* [Requirement] Please return every line from the entries that has the string "Htwo" in it.

* [Excerpted data]

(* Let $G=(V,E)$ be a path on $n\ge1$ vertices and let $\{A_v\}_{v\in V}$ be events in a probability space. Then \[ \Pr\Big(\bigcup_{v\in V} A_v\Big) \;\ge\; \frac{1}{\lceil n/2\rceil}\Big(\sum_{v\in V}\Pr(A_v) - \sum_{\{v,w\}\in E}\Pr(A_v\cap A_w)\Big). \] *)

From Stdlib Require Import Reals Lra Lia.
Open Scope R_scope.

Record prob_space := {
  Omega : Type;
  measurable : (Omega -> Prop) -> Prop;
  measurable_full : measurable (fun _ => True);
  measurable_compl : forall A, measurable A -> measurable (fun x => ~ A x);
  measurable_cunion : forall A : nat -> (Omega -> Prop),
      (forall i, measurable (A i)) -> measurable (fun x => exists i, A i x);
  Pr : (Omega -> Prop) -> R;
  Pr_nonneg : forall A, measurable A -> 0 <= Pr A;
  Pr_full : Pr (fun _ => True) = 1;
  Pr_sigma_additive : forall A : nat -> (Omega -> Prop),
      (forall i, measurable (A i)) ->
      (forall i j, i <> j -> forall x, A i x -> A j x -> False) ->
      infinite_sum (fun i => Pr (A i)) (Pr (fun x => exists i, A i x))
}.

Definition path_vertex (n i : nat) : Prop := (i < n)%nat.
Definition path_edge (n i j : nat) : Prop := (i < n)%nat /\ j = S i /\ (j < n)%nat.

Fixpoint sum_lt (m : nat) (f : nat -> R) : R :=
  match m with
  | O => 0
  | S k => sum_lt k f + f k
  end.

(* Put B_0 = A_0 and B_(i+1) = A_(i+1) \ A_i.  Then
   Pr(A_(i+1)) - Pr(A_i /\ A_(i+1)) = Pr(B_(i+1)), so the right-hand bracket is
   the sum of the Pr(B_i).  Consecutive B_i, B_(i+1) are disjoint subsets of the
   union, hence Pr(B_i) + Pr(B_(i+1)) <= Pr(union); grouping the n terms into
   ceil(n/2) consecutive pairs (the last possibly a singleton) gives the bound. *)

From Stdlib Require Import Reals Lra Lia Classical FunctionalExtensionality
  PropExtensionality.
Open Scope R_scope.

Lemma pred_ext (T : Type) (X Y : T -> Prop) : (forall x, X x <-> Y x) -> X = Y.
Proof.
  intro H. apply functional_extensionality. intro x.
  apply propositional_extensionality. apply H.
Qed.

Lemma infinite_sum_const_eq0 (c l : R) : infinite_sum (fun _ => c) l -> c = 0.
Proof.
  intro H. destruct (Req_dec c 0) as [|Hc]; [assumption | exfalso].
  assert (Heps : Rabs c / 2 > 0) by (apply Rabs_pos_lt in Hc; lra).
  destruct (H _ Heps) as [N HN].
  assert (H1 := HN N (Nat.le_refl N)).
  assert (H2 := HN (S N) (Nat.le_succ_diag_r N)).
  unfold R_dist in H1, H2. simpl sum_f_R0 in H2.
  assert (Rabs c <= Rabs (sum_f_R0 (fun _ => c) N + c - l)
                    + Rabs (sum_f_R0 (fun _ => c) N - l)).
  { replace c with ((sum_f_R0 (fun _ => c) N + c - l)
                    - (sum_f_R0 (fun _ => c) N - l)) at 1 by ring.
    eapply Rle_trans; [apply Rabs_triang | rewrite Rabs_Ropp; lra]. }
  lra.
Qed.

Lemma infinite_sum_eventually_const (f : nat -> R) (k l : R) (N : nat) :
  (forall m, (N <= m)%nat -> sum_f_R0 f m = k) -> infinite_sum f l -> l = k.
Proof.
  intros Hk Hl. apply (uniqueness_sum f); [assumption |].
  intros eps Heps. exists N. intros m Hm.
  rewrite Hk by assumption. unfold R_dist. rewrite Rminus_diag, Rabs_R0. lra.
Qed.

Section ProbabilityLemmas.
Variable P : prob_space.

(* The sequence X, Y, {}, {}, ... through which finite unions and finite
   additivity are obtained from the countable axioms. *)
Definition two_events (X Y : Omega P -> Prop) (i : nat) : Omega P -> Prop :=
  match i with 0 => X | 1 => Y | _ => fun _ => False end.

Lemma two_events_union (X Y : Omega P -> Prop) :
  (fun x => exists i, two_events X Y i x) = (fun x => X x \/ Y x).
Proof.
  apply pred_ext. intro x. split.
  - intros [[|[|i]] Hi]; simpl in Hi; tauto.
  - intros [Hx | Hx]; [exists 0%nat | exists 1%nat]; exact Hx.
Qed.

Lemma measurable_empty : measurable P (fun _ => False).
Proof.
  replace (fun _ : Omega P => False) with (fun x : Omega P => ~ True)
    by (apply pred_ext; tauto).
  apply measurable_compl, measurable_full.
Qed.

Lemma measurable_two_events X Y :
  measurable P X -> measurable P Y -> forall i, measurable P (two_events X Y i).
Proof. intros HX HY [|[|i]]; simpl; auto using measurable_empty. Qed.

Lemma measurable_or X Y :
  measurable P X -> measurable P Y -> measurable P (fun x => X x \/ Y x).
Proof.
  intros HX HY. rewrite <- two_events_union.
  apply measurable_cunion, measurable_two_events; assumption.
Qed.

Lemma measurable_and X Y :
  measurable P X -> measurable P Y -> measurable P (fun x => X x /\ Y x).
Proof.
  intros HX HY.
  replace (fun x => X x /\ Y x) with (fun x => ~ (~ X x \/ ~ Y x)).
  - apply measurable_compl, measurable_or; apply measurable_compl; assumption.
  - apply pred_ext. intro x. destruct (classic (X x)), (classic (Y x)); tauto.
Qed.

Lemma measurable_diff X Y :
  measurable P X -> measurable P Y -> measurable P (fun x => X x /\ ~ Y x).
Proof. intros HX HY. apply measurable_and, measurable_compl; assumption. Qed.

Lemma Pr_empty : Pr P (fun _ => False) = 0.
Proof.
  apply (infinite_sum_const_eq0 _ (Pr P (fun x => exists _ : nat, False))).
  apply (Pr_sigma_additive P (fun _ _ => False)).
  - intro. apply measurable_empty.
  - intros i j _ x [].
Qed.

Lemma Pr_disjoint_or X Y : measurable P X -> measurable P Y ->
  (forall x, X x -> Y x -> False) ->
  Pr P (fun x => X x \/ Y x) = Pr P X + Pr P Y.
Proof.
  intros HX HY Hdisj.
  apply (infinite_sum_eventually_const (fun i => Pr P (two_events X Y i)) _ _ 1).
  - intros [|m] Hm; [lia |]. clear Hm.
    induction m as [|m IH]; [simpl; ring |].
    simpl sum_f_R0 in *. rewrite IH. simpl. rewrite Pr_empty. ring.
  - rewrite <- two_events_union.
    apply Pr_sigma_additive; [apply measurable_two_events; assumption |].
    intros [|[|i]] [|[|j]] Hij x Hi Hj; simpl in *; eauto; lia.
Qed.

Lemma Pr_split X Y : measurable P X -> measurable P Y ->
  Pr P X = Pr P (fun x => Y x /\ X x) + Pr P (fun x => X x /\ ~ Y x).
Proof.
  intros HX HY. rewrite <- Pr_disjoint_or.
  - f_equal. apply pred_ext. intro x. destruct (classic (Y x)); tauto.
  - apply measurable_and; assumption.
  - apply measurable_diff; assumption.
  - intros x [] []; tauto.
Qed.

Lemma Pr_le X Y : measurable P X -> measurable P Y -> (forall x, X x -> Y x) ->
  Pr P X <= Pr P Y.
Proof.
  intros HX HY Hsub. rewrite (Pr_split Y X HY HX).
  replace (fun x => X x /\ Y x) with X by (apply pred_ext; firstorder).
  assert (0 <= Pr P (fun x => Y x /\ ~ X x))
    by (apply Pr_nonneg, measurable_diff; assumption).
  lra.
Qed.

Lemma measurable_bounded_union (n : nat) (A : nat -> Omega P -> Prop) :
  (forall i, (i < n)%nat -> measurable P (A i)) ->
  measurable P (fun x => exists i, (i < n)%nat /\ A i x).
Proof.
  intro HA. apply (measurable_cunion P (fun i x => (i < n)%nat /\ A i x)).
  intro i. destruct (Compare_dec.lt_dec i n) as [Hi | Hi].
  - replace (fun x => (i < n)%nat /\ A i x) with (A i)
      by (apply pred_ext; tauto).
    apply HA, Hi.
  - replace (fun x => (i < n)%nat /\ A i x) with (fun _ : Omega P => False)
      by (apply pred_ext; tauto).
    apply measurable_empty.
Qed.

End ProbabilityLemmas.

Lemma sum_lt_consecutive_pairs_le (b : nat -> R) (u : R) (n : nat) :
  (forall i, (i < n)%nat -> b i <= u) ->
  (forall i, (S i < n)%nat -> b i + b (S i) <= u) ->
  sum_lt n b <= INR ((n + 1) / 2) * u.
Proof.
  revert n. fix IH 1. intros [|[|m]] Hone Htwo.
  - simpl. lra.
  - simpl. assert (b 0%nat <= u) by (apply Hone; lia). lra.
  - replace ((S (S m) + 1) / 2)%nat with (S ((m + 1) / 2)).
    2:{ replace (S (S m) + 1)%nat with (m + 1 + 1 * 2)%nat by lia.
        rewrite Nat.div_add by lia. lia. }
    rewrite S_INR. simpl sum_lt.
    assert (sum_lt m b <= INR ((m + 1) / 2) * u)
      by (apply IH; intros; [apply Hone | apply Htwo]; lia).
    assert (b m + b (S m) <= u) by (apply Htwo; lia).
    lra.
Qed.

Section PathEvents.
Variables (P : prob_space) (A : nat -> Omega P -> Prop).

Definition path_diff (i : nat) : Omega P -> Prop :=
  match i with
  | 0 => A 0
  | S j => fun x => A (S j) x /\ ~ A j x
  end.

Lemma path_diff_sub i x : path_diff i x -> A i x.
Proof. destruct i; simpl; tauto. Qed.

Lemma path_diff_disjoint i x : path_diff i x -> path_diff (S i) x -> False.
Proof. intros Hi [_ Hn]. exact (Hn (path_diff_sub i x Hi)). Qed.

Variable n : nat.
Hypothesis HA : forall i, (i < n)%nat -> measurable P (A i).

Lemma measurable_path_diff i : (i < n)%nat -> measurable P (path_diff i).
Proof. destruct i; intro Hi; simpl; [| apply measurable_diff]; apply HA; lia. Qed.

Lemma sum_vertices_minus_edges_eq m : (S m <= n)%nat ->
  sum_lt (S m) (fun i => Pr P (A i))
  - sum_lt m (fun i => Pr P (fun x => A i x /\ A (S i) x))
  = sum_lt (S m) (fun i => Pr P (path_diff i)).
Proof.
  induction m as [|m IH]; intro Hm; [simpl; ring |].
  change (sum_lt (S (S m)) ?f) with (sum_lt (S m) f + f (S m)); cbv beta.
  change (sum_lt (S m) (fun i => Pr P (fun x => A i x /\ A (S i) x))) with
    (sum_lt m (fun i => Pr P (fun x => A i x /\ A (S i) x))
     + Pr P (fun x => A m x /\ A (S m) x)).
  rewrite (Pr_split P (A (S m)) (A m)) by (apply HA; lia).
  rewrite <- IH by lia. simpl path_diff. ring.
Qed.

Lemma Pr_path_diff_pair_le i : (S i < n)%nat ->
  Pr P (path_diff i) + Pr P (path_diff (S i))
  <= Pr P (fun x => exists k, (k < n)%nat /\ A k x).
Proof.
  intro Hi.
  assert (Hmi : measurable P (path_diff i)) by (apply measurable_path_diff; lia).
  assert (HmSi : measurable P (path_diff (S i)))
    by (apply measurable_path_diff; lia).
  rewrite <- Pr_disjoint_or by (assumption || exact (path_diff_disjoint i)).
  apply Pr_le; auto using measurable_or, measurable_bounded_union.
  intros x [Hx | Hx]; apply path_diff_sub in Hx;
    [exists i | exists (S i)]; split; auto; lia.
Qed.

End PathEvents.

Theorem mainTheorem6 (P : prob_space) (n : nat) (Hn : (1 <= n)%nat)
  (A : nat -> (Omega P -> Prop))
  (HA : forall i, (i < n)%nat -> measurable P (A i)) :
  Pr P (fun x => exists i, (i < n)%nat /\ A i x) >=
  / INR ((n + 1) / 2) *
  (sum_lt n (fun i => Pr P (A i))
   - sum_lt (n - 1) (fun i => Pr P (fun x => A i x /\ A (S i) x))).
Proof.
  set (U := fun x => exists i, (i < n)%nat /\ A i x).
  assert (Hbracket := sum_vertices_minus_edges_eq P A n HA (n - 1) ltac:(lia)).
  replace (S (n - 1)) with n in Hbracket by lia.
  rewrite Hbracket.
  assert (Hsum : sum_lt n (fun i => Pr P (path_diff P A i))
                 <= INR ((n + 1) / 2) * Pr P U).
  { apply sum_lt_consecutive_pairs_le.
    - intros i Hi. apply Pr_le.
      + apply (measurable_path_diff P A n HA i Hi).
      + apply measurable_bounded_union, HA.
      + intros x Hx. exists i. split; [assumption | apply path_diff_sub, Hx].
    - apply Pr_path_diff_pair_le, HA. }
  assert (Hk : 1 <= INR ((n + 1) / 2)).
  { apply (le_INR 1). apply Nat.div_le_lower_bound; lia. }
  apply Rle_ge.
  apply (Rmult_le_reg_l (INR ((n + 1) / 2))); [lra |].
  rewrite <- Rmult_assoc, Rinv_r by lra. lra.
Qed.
--
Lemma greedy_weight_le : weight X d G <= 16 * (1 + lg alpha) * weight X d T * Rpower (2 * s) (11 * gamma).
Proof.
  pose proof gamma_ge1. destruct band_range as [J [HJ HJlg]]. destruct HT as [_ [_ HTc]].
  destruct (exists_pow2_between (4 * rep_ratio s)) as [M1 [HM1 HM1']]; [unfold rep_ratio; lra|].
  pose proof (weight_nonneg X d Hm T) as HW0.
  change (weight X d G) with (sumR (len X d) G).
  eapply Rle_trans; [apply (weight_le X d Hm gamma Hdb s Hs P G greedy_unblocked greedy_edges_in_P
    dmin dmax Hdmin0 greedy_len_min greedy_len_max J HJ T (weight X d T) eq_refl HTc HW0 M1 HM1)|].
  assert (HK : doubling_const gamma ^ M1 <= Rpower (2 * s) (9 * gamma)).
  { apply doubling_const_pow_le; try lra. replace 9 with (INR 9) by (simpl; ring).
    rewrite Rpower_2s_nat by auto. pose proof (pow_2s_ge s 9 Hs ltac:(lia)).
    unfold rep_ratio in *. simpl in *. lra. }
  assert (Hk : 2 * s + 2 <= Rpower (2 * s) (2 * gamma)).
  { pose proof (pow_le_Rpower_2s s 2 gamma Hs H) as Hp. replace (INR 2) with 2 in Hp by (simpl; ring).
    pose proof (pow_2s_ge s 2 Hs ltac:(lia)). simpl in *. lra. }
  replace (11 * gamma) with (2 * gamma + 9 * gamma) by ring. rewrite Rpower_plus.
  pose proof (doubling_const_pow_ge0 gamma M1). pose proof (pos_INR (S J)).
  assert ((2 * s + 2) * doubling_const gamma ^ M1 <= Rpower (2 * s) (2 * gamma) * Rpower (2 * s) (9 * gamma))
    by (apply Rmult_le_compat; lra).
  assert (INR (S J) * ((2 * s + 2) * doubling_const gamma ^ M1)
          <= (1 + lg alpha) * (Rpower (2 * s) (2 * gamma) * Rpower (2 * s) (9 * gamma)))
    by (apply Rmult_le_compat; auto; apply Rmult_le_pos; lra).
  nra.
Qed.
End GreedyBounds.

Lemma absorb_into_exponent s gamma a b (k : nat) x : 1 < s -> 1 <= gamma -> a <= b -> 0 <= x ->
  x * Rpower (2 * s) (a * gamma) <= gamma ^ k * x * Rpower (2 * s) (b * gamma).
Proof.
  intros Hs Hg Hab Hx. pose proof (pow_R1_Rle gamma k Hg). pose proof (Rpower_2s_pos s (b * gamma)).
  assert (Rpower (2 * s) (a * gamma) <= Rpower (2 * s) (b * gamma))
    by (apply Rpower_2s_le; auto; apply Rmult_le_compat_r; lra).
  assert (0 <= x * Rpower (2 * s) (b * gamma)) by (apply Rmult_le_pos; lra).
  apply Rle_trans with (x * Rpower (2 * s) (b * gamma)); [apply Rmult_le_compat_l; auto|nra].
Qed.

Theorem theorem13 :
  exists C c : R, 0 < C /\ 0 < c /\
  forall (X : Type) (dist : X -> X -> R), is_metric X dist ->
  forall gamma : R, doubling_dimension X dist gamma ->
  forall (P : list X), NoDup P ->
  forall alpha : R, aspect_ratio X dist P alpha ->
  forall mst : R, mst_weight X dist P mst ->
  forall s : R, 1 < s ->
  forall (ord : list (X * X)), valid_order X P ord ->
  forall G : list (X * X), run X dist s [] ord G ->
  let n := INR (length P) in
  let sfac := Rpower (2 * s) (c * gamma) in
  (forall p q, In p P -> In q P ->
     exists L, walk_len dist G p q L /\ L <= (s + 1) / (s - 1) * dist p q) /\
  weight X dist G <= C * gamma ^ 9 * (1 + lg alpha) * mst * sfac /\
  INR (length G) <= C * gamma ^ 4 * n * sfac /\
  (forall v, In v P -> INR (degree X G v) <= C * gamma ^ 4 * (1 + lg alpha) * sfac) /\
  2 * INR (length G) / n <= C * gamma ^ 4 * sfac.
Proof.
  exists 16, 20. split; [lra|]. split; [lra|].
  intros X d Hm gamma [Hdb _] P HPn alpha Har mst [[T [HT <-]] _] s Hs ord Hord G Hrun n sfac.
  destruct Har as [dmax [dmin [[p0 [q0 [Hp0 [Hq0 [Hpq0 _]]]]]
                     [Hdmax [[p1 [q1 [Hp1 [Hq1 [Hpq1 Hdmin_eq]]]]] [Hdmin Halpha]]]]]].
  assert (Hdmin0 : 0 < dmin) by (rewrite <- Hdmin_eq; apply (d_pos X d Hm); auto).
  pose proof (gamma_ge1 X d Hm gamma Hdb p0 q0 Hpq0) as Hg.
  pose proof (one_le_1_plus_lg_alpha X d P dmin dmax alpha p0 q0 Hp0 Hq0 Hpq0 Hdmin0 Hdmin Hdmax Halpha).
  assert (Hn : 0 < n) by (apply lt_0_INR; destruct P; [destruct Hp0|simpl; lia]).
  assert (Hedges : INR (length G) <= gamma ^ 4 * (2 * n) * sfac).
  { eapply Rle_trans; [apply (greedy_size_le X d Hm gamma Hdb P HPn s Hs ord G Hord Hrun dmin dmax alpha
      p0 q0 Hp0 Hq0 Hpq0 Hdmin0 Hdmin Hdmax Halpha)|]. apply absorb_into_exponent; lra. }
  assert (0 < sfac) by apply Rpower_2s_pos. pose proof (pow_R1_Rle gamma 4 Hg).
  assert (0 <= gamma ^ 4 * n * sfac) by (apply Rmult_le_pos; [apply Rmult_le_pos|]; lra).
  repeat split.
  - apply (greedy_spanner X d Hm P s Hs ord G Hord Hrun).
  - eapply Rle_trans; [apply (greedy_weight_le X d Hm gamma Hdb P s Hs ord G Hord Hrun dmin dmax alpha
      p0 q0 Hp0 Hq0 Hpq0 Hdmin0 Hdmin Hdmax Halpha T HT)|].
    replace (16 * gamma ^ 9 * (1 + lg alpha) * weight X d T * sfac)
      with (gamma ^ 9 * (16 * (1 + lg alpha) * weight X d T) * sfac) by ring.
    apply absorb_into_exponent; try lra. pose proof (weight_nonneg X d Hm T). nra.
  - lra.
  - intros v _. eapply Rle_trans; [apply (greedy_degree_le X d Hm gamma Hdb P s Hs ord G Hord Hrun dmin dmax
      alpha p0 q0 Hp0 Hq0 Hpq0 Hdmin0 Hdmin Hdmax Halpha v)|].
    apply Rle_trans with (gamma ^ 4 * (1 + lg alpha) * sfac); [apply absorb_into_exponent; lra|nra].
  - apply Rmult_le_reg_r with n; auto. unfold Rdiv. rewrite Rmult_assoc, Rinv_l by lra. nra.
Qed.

* [Result of the task]
  revert n. fix IH 1. intros [|[|m]] Hone Htwo.
      by (apply IH; intros; [apply Hone | apply Htwo]; lia).
    assert (b m + b (S m) <= u) by (apply Htwo; lia).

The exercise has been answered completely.